┌─ Records provided

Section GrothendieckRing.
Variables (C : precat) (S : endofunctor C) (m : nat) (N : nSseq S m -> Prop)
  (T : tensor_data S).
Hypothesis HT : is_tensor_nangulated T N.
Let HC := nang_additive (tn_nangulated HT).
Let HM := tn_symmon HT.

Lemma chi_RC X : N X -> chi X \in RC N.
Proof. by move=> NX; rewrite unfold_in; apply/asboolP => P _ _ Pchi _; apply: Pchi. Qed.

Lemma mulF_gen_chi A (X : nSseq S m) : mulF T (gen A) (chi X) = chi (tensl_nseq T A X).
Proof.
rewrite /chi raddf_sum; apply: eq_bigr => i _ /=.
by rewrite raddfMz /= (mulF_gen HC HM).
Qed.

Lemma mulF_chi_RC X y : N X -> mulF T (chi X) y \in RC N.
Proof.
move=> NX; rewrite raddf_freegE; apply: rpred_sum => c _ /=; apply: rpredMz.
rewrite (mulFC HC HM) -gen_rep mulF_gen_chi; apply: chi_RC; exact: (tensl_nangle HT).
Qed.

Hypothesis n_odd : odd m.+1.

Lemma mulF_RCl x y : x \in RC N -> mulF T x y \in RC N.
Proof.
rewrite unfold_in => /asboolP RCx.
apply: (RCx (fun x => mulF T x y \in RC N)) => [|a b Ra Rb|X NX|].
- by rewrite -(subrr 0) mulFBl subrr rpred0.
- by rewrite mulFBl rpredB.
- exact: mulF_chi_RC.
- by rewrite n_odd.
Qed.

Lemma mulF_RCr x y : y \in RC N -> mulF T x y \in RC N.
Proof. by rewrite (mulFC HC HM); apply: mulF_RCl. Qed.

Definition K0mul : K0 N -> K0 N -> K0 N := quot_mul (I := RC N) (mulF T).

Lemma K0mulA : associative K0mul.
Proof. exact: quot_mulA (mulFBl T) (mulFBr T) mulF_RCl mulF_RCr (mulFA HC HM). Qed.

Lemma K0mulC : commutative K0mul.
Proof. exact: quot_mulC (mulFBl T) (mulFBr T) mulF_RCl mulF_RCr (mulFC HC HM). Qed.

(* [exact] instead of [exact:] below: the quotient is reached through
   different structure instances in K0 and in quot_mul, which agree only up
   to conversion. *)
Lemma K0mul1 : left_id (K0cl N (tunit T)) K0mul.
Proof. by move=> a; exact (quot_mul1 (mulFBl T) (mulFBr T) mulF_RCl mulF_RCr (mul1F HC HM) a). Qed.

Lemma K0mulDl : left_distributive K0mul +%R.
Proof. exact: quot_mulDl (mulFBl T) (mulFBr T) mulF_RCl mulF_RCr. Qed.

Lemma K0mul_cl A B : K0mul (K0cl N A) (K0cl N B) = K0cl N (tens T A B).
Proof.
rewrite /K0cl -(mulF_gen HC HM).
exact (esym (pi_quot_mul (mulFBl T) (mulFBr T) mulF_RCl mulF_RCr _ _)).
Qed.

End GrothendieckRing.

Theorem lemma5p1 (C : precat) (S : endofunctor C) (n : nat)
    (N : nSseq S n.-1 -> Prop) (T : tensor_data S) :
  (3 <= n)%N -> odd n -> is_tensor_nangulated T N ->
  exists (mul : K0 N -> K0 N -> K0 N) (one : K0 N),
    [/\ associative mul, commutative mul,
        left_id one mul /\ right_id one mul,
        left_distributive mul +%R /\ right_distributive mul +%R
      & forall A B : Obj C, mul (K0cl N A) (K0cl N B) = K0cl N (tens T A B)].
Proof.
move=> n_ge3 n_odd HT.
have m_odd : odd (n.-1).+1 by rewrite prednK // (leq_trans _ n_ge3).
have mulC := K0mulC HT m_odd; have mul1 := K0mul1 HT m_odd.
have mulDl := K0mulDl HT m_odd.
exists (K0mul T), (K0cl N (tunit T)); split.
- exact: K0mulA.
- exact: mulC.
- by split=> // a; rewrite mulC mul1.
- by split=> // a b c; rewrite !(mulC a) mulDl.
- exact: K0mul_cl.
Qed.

└─

**Required action:**
Show the lines from the data above that contain the string "precat".

**Solution for this task:**
Variables (C : precat) (S : endofunctor C) (m : nat) (N : nSseq S m -> Prop)
Theorem lemma5p1 (C : precat) (S : endofunctor C) (n : nat)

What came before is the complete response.